Nothing could have surprised Ben more. His silence prompted Cameron to continue.

“Her father … bedded my mother. I never understood why my father hated me as he did until he told me on his deathbed that I was not his son. He made sure I wouldn't get anything from him except the damn title, but he'd been too proud to admit he'd been cuckolded, particularly by a commoner.”

“My mother's sister finally told me who the man was. My mother claimed he raped her, a charge I wasn't sure was accurate,” he said bitterly. “But then I learned a great deal about my birth father, and it could well be true. Lisbeth was the only decent thing to come from that family.”

“You've never told her?”

“That her father could be a rapist?” Cameron snorted. “I didn't want to add to her pain. But I did want to make sure nothing happened to her, so I arranged the meeting with Jamie, and insinuated myself into their circle. I had a title, meaningless as it is, so it wasn't difficult.”

The implications began tumbling through Ben's head. “You have a reason to want to help her then.”

“By killing you or hurting the child she obviously cares about deeply?” Cameron made an impatient sound. “You're a fool. I have eyes, Masters, even if you don't. She loves you, and she loves that child.”

Ben let the words sink in. He knew Cameron was telling the truth. The story was too crazy
not
to be the truth, and everything fit, including the similarity of Lisbeth's and Cameron's eyes.

“You mentioned that a kidnapper might take Sarah Ann to Glasgow. Why?”

“It would have been easy enough to kill a child,” Drew said. “A pillow over her head when she was sleeping, a fall from the pony. An accident would have been easy to arrange. I think whoever took her has no stomach for killing a little girl. The only alternative was to take her, perhaps sell her to a family who wanted a child.”

“And ships sail from Glasgow,” Ben said, continuing the thought. “I should have thought about that, but Trapp said Edinburgh was more likely. It's closer and an easy place to disappear in.”

“That's logical, too. But I would still bet on Glasgow. And there's no reason for you to think of it. You've been here only a little more than a month.”

After suspecting him for so long, Ben found it hard to trust Cameron. After several moments, he voiced his question. “But who could be responsible?”

Cameron shrugged. “I have no idea. I don't particularly like Hugh, but I can't believe he would stoop this low.”

Frustration clawed at Ben.

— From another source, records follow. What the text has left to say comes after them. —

(* Assume the linear payoff assumption and the rank condition $\operatorname{rank}\begin{bmatrix}A(\nu^* )\\ B(\mu^* )\end{bmatrix}=d$. Let $\epsilon_1,\epsilon_2>0$ with $\epsilon_1<\min_{a}\mu^*(a)$ and $\epsilon_2<\min_b\nu^*(b)$. Let $\widehat\mu\in\Delta(\mathcal A)$ and $\widehat\nu\in\Delta(\mathcal B)$ satisfy $\mathrm{TV}(\widehat\mu,\mu^* )\le\epsilon_1/2$ and $\mathrm{TV}(\widehat\nu,\nu^* )\le\epsilon_2/2$. Let $$\widehat\theta\in\arg\min_{\theta\in\mathbb{R}^d}\Big\|\begin{bmatrix}A(\widehat\nu)\\ B(\widehat\mu)\end{bmatrix}\theta-\begin{bmatrix}c(\widehat\mu)\\ d(\widehat\nu)\end{bmatrix}\Big\|^2 .$$ Then there exist constants $\epsilon_0,C>0$, depending only on $\phi,\eta,\mu^*,\nu^*$, with the following property. If $\epsilon_1,\epsilon_2\le\epsilon_0$, then the least-squares minimizer is unique and $$\|\widehat\theta-\theta^*\|^2\le C\Big(\epsilon_1^2\big(1+m(\epsilon_2^2+1)\big)+\epsilon_2^2\big(1+n(\epsilon_1^2+1)\big)\Big).$$
   Context: Let $m,n\ge 2$, $\mathcal A=\{1,\dots,m\}$, $\mathcal B=\{1,\dots,n\}$, and $\eta>0$. For a payoff matrix $Q\in\mathbb{R}^{m\times n}$, the entropy-regularized zero-sum matrix game is $$\max_{\mu\in\Delta(\mathcal A)}\min_{\nu\in\Delta(\mathcal B)}\ \mu^\top Q\nu+\eta^{-1}\mathcal H(\mu)-\eta^{-1}\mathcal H(\nu),\qquad \mathcal H(\pi)=-\sum_i\pi_i\log\pi_i .$$ Its unique saddle point, the quantal response equilibrium (QRE) $(\mu,\nu)$, is characterized by $$\mu(a)=\frac{\exp\big(\eta\sum_b Q(a,b)\nu(b)\big)}{\sum_{a'}\exp\big(\eta\sum_bQ(a',b)\nu(b)\big)},\qquad \nu(b)=\frac{\exp\big(-\eta\sum_a Q(a,b)\mu(a)\big)}{\sum_{b'}\exp\big(-\eta\sum_aQ(a,b')\mu(a)\big)}.$$ Linear payoff assumption: there are a feature map $\phi:\mathcal A\times\mathcal B\to\mathbb{R}^d$ and $\theta^*\in\mathbb{R}^d$ with $\|\theta^*\|^2\le M$ such that $Q(a,b)=\langle\phi(a,b),\theta^*\rangle$ for all $(a,b)$. $(\mu^*,\nu^* )$ denotes the QRE of this $Q$; all its entries are positive. For $\mu\in\Delta(\mathcal A)$ and $\nu\in\Delta(\mathcal B)$ with positive entries, define: - $A(\nu)\in\mathbb{R}^{(m-1)\times d}$, whose row indexed by $a=2,\dots,m$ is $\sum_{b}\nu(b)\,(\phi(a,b)-\phi(1,b))^\top$; - $B(\mu)\in\mathbb{R}^{(n-1)\times d}$, whose row indexed by $b=2,\dots,n$ is $\sum_a\mu(a)\,(\phi(a,b)-\phi(a,1))^\top$; - $c(\mu)=\big(\eta^{-1}\log(\mu(a)/\mu(1))\big)_{a=2}^m\in\mathbb{R}^{m-1}$; - $d(\nu)=\big(-\eta^{-1}\log(\nu(b)/\nu(1))\big)_{b=2}^n\in\mathbb{R}^{n-1}$. $\mathrm{TV}(\mu,\mu')=\tfrac12\|\mu-\mu'\|_1$. *)

From HB Require Import structures.
From mathcomp Require Import all_boot all_order all_algebra.
From mathcomp Require Import reals sequences exp.
Set Implicit Arguments. Unset Strict Implicit. Unset Printing Implicit Defensive.
Import Order.TTheory GRing.Theory Num.Theory.
Local Open Scope ring_scope.

(* Actions are the naturals 1..m (player 1) and 1..n (player 2), as in the
   paper.  A feature map is phi : nat -> nat -> 'cV[R]_d (only values on
   {1..m} x {1..n} matter); distributions are functions nat -> R (only values
   on the action set matter). *)

Section Defs.
Variable R : realType.

Definition is_dist (m : nat) (mu : nat -> R) : Prop :=
  (forall a, (1 <= a <= m)%N -> 0 <= mu a) /\ \sum_(1 <= a < m.+1) mu a = 1.

Definition pos_dist (m : nat) (mu : nat -> R) : Prop :=
  forall a, (1 <= a <= m)%N -> 0 < mu a.

Definition TV (m : nat) (mu mu' : nat -> R) : R :=
  2^-1 * \sum_(1 <= a < m.+1) `|mu a - mu' a|.

Definition dotv (d : nat) (x y : 'cV[R]_d) : R := \sum_(k < d) x k 0 * y k 0.

Definition sqnorm (p : nat) (x : 'cV[R]_p) : R := \sum_(k < p) x k 0 ^+ 2.

Definition payoff (d : nat) (phi : nat -> nat -> 'cV[R]_d) (theta : 'cV[R]_d)
  (a b : nat) : R := dotv (phi a b) theta.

Frustration and stark terror. “Tell Lisbeth I'm riding to Glasgow.”

“I'm going with you.”

Ben hesitated.

“Dammit, Masters, I know every tavern, every gambling hell, and every rogue in Glasgow,” Drew said. “I stayed there often.”

It wasn't the best of recommendations, Ben knew, but he had little choice. He didn't know Glasgow at all. And the hell of it was he believed Andrew Cameron. He didn't know why, but he did. “I'll inform Duncan—in case Sarah Ann is found, he can send someone after us—but I don't want anyone else to know where we're going,” he finally said.

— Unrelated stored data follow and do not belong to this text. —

(* Let $R$ be a commutative Noetherian ring, $M$ a finitely generated $R$-module, $X \subseteq \mathrm{Spec}(R)$ a basic set, and $\mathscr{E}$ an $R$-submodule of $\mathrm{Hom}_R(M,R)$. Let $S = \{x_1,\ldots,x_n\} \subseteq M$ be an $X$-free-basic set for $M$ with respect to $\mathscr{E}$, and let $(a,x_1) \in R \oplus M$ be an $X$-free-basic element for $R \oplus M$ with respect to $R \oplus \mathscr{E}$. Then there exist $a_1,\ldots,a_{n-1} \in R$ such that $S' = \{x_1',\ldots,x_{n-1}'\} = \{x_1 + a a_1 x_n, x_2 + a_2 x_n, \ldots, x_{n-1} + a_{n-1} x_n\}$ is an $X$-free-basic set for $M$ with respect to $\mathscr{E}$, and $(a,x_1')$ is an $X$-free-basic element for $R \oplus M$ with respect to $R \oplus \mathscr{E}$.
   Context: A subset $X \subseteq \mathrm{Spec}(R)$ is basic if, whenever the intersection of a family of primes in $X$ is a prime ideal, that intersection belongs to $X$. For $\mathfrak{p} \in X$, $\dim_X(\mathfrak{p})$ is the supremum of lengths $n$ of chains $\mathfrak{p} = \mathfrak{p}_0 \subsetneq \cdots \subsetneq \mathfrak{p}_n$ in $X$. $\mathscr{E}_\mathfrak{p}$ is viewed inside $\mathrm{Hom}_{R_\mathfrak{p}}(M_\mathfrak{p},R_\mathfrak{p})$. A free $\mathscr{E}_\mathfrak{p}$-summand of $M_\mathfrak{p}$ is a direct summand $F$ (with complement $G$) of $M_\mathfrak{p}$, $F \cong R_\mathfrak{p}^m$, such that each coordinate of the projection $M_\mathfrak{p} \to F \cong R_\mathfrak{p}^m$ along $G$ lies in $\mathscr{E}_\mathfrak{p}$. With $\langle S\rangle$ the submodule generated by $S$, $\delta^{\mathscr{E}}_\mathfrak{p}(S,M)$ is the largest integer $m \ge 0$ such that there is a free $\mathscr{E}_\mathfrak{p}$-summand of $M_\mathfrak{p}$ of rank $m$ contained in $\langle S\rangle_\mathfrak{p}$. A finite set $S = \{x_1,\ldots,x_n\}$ is $\mathfrak{p}$-free-basic for $M$ with respect to $\mathscr{E}$ if $\delta^{\mathscr{E}}_\mathfrak{p}(S,M) \ge \min\{n, 1+\dim_X(\mathfrak{p})\}$, and $X$-free-basic with respect to $\mathscr{E}$ if this holds for all $\mathfrak{p}\in X$. An element $x$ is $\mathfrak{p}$-free-basic with respect to $\mathscr{E}$ if $(Rx)_\mathfrak{p} \cong R_\mathfrak{p}$ and the inclusion $(Rx)_\mathfrak{p} \subseteq M_\mathfrak{p}$ splits via an element of $\mathscr{E}_\mathfrak{p}$; $X$-free-basic if this holds for all $\mathfrak{p} \in X$. $R \oplus \mathscr{E}$ is regarded as the $R$-submodule of $\mathrm{Hom}_R(R\oplus M,R)$ consisting of maps $(r,m) \mapsto cr + f(m)$ with $c \in R$, $f \in \mathscr{E}$. *)

(* Localizations are encoded concretely by fractions. *)
From mathcomp Require Import all_boot all_order all_algebra.
Set Implicit Arguments. Unset Strict Implicit. Unset Printing Implicit Defensive.
Import GRing.Theory.
Local Open Scope ring_scope.

Section Defs.
Variable R : comPzRingType.

Definition is_ideal (I : R -> Prop) : Prop :=
  [/\ I 0, (forall a b, I a -> I b -> I (a + b)) & (forall r a, I a -> I (r * a))].

Definition is_prime_ideal (p : R -> Prop) : Prop :=
  [/\ is_ideal p, ~ p 1 & (forall a b, p (a * b) -> p a \/ p b)].

Definition noetherian : Prop :=
  forall I : R -> Prop, is_ideal I ->
    exists s : seq R, forall r, I r <-> exists c : nat -> R, r = \sum_(i < size s) c i * s`_i.

Definition bigcapI (F : (R -> Prop) -> Prop) : R -> Prop :=
  fun r => forall q, F q -> q r.

Definition basic (X : (R -> Prop) -> Prop) : Prop :=
  (forall q, X q -> is_prime_ideal q) /\
  (forall F : (R -> Prop) -> Prop, (forall q, F q -> X q) ->
     is_prime_ideal (bigcapI F) -> X (bigcapI F)).

Definition chain_in (X : (R -> Prop) -> Prop) (p : R -> Prop) (l : nat) : Prop :=
  exists q : nat -> (R -> Prop),
    [/\ q 0%N = p, (forall i, (i <= l)%N -> X (q i)) &
        (forall i, (i < l)%N ->
           (forall r, q i r -> q i.+1 r) /\ exists r, q i.+1 r /\ ~ q i r)].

Drew nodded. “What about Lisbeth?”

Ben shook his head. “She's too trusting. I'll say we're going to search the woods again.”

“I'll saddle the horses,” Drew said.

Ben started back to the house when a faint whine stopped him. “Henry,” he said and ran toward the barely visible figure at the gate. Drew was right behind him.

The dog was dragging himself, barely able to move, and Ben smelled the lingering odor of chloroform. The dog had been drugged, was barely conscious, and yet he had struggled home.

And Peppermint? Ben doubted that whoever had taken Sarah Ann had kept the pony.

Someone had planned this very well. That realization added to Ben's fury. Ruthlessly, he tamped it down. Rage interfered with his thinking.

Ben picked the dog up. Henry whined, his tongue lolling out of his gaping mouth. “I'll take him in to Lisbeth and talk to Duncan. You saddle the horses.”

As soon as Ben entered the library, Lisbeth saw Henry and ran to him. The dog whined weakly.

“He's been chloroformed,” Ben said. “He probably tried to follow whoever took Sarah Ann, and the kidnapper couldn't afford a shot.”

Ben put the dog down, and Lisbeth knelt next to him.

“Brave Henry,” she said as she saw blood on his mouth. “I think he might have taken a bite out of whoever—”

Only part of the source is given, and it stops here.